((
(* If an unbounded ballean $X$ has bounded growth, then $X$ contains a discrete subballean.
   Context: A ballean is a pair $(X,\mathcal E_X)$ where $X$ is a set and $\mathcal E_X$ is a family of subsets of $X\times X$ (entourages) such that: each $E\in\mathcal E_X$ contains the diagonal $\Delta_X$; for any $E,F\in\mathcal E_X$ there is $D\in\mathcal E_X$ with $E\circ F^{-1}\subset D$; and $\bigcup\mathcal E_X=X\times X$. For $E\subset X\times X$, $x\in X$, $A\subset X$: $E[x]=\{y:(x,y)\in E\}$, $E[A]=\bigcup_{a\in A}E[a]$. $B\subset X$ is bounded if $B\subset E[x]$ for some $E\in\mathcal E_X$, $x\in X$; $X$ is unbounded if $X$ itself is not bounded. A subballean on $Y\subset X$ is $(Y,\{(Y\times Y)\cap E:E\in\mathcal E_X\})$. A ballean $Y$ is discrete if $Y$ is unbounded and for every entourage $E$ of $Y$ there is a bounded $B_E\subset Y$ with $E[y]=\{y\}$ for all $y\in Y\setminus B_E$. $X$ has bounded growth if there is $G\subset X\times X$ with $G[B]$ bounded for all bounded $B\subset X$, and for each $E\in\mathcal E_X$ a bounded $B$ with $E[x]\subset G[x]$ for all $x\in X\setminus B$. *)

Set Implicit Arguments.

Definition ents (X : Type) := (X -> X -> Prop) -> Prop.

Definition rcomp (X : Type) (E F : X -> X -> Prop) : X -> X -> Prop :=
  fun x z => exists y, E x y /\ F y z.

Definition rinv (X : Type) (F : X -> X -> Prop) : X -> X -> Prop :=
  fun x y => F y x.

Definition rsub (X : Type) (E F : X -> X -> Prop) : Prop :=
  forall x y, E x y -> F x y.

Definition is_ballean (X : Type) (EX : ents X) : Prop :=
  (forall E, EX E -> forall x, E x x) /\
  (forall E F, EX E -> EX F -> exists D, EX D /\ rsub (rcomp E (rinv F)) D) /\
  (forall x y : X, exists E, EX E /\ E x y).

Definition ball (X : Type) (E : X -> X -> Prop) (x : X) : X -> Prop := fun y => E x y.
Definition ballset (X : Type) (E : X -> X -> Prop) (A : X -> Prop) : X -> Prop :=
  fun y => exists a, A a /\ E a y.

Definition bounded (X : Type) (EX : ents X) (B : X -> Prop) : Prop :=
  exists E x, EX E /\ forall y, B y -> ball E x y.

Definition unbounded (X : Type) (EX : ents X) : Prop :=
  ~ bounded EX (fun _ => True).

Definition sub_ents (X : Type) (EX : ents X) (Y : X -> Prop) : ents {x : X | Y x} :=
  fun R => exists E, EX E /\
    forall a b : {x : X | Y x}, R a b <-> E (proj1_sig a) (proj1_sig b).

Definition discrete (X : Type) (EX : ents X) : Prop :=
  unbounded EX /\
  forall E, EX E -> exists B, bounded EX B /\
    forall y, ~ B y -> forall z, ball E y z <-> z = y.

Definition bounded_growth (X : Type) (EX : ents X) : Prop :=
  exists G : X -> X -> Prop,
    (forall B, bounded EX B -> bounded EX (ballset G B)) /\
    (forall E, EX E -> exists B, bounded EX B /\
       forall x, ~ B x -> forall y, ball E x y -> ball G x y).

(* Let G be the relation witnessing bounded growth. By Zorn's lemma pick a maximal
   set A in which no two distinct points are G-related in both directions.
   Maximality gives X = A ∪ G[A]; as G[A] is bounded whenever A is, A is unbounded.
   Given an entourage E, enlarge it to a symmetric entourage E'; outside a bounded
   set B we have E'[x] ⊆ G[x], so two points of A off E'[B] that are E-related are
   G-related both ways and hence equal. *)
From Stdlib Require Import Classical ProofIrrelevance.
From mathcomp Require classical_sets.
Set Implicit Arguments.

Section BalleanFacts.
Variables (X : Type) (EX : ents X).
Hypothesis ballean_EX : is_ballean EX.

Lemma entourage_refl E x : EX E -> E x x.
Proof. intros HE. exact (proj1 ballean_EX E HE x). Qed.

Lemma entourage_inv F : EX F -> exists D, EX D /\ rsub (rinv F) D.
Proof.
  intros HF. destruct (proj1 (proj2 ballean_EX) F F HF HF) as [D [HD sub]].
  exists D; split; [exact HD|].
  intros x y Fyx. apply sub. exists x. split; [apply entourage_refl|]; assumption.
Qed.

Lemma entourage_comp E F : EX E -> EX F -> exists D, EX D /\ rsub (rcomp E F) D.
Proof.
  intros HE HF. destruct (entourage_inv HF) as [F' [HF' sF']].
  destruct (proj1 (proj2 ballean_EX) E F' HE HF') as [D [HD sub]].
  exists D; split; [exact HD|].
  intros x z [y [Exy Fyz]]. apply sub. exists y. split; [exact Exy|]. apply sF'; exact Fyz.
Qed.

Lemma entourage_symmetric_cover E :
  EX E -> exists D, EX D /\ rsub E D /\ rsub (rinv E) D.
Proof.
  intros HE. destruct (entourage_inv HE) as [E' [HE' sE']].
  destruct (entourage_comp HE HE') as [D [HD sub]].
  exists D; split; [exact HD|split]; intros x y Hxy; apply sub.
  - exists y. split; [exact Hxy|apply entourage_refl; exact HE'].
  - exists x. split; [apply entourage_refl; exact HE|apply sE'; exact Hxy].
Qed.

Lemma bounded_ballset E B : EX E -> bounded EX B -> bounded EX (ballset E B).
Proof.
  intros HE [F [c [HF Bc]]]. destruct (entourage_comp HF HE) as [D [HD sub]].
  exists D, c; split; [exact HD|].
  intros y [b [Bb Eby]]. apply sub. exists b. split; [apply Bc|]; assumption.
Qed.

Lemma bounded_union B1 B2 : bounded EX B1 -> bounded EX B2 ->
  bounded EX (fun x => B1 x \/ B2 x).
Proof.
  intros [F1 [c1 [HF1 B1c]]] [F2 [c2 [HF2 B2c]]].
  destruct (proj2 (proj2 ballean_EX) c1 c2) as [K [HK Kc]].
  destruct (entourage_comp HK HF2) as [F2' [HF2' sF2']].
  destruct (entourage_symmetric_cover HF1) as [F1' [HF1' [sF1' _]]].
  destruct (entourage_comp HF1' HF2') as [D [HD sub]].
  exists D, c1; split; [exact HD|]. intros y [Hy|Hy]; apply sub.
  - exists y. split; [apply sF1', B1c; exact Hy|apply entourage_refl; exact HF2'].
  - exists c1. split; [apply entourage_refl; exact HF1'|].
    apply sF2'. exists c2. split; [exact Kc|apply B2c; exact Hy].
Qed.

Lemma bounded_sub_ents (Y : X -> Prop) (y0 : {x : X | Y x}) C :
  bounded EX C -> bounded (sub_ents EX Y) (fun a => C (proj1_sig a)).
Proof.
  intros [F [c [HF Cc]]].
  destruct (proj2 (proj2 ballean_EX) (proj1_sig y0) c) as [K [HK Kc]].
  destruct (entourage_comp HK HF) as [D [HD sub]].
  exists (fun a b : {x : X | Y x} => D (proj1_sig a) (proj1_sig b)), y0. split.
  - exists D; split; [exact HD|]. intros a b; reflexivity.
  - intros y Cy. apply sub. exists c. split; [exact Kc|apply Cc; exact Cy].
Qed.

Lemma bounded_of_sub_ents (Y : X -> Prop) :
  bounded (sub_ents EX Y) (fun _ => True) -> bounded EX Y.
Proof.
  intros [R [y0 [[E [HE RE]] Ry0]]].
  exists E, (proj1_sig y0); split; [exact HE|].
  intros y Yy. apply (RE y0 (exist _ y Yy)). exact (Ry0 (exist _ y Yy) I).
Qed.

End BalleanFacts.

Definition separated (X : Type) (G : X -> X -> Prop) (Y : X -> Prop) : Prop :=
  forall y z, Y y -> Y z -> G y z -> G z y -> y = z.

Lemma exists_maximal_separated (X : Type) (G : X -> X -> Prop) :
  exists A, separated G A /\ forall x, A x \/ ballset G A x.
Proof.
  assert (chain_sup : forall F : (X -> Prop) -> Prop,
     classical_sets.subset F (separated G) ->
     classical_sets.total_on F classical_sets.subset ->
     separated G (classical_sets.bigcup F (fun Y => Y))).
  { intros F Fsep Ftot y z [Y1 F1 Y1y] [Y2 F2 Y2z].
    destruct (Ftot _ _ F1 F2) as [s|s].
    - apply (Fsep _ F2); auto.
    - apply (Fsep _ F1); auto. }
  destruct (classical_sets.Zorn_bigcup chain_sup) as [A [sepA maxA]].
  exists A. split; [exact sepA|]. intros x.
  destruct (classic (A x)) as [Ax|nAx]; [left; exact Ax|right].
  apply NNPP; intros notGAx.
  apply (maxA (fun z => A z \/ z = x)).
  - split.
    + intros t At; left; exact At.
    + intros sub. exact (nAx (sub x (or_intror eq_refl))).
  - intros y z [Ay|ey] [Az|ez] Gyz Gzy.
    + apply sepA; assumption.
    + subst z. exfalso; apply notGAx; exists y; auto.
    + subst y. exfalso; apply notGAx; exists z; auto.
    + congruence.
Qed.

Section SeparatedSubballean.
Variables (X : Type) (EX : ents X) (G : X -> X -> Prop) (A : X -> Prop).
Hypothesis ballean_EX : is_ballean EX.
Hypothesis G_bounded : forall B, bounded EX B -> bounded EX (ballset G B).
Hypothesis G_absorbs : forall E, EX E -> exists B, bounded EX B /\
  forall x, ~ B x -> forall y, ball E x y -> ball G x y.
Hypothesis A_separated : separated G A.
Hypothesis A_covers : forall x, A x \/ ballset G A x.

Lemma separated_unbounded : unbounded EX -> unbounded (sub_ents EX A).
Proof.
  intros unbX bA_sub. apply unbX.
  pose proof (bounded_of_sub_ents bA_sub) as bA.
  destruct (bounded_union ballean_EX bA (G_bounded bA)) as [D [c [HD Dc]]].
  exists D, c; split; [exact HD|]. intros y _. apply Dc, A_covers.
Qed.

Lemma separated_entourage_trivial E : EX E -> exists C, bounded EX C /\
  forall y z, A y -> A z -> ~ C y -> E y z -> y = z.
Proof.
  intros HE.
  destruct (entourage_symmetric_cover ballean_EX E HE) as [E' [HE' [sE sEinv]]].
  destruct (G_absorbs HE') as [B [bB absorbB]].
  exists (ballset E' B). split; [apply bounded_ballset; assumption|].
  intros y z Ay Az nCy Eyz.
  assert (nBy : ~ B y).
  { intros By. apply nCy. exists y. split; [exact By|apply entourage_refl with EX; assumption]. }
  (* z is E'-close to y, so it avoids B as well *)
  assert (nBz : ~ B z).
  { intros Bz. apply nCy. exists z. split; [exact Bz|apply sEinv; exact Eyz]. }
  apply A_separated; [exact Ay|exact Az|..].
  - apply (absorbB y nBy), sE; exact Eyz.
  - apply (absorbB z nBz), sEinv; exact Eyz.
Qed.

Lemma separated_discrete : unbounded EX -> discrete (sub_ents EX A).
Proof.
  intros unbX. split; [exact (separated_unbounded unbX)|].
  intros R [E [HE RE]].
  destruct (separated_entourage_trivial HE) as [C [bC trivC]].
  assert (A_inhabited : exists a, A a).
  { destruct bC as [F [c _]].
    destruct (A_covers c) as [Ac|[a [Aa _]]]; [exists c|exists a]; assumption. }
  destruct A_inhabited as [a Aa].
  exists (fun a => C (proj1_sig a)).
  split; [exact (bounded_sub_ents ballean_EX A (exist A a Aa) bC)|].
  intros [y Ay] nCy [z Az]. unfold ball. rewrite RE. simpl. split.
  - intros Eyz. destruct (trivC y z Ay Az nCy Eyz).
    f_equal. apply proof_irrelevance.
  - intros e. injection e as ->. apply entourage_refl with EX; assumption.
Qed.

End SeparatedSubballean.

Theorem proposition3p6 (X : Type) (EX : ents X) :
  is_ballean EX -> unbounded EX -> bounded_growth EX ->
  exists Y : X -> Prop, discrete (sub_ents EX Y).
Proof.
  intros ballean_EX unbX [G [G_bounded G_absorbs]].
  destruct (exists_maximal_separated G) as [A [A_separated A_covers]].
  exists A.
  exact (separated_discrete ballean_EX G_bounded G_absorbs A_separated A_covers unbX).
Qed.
))
TASK PROMPT: Set down exactly the lines of the data above, beginning with the line that has "Maximality gives X" and ending with the line that has "destruct (entourage_comp HE", and no others.

ANSWER SECTION:
   Maximality gives X = A ∪ G[A]; as G[A] is bounded whenever A is, A is unbounded.
   Given an entourage E, enlarge it to a symmetric entourage E'; outside a bounded
   set B we have E'[x] ⊆ G[x], so two points of A off E'[B] that are E-related are
   G-related both ways and hence equal. *)
From Stdlib Require Import Classical ProofIrrelevance.
From mathcomp Require classical_sets.
Set Implicit Arguments.

Section BalleanFacts.
Variables (X : Type) (EX : ents X).
Hypothesis ballean_EX : is_ballean EX.

Lemma entourage_refl E x : EX E -> E x x.
Proof. intros HE. exact (proj1 ballean_EX E HE x). Qed.

Lemma entourage_inv F : EX F -> exists D, EX D /\ rsub (rinv F) D.
Proof.
  intros HF. destruct (proj1 (proj2 ballean_EX) F F HF HF) as [D [HD sub]].
  exists D; split; [exact HD|].
  intros x y Fyx. apply sub. exists x. split; [apply entourage_refl|]; assumption.
Qed.

Lemma entourage_comp E F : EX E -> EX F -> exists D, EX D /\ rsub (rcomp E F) D.
Proof.
  intros HE HF. destruct (entourage_inv HF) as [F' [HF' sF']].
  destruct (proj1 (proj2 ballean_EX) E F' HE HF') as [D [HD sub]].
  exists D; split; [exact HD|].
  intros x z [y [Exy Fyz]]. apply sub. exists y. split; [exact Exy|]. apply sF'; exact Fyz.
Qed.

Lemma entourage_symmetric_cover E :
  EX E -> exists D, EX D /\ rsub E D /\ rsub (rinv E) D.
Proof.
  intros HE. destruct (entourage_inv HE) as [E' [HE' sE']].
  destruct (entourage_comp HE HE') as [D [HD sub]].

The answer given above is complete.